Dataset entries
Lemma generator_inj : injective generator.
Proof.
move=> x y gxy; apply: contrapT => xy.
pose r : 'I_2 -> R := fun i => if val i == 0%N then x else y.
have r_inj : injective r.
  move=> [[|[|i]] hi] [[|[|j]] hj] //=; rewrite /r /= => h;
    by [apply: val_inj | case: (xy h) | case: (xy (esym h))].
have P0 : ('X_ord0 - 'X_ord_max : {mpoly R[2]}) != 0.
  apply/eqP => /(congr1 (mcoeff U_(ord0))).
  by rewrite mcoeffB !mcoeffXU eqxx /= mcoeff0 subr0 => /eqP; rewrite oner_eq0.
have [c] := code_separates r_inj P0.
rewrite mevalB !mevalXU /r /= subr_eq0 => /eqP; apply.
by have := congr1 (fun f => f ([::], c) 0) gxy; rewrite /generator !uncovered_net_nil.
Qed.

Lemma index_card_covN :
  (forall G : set (set R), null_cover G -> injects_into F G) -> card_is_covN R index.
Proof.
move=> Fmin; have [e e_inj] := nat_injects_members Fcover.
have [p p_inj] := square_injection e_inj.
have [enc enc_inj] := seq_injection e_inj.
have index_F : injects_into [set: index] F.
  exists (fun a => sval (p (enc a.1, e (pickle a.2)))); split=> [a _|]; first exact: svalP.
  move=> [s c] [s' c'] _ _ /member_inj /p_inj [/enc_inj -> /e_inj].
  by move=> /(pcan_inj pickleK) ->.
have F_index : injects_into F [set: index].
  exists (fun N => if pselect (F N) is left FN then ([:: exist _ N FN], code0) else ([::], code0)).
  by split=> // N N' FN FN'; case: pselect => // h; case: pselect => // h' [].
split=> [|G /Fmin FG]; last exact/injects_into_card_le/(injects_into_trans index_F).
by exists F; split=> //; apply: Cantor_Bernstein; apply: injects_into_card_le.
Qed.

> _WORK ITEM_
Look through the data and show every line containing "apply".

> _EXERCISE SOLUTION_
move=> x y gxy; apply: contrapT => xy.
    by [apply: val_inj | case: (xy h) | case: (xy (esym h))].
  apply/eqP => /(congr1 (mcoeff U_(ord0))).
rewrite mevalB !mevalXU /r /= subr_eq0 => /eqP; apply.
by exists F; split=> //; apply: Cantor_Bernstein; apply: injects_into_card_le.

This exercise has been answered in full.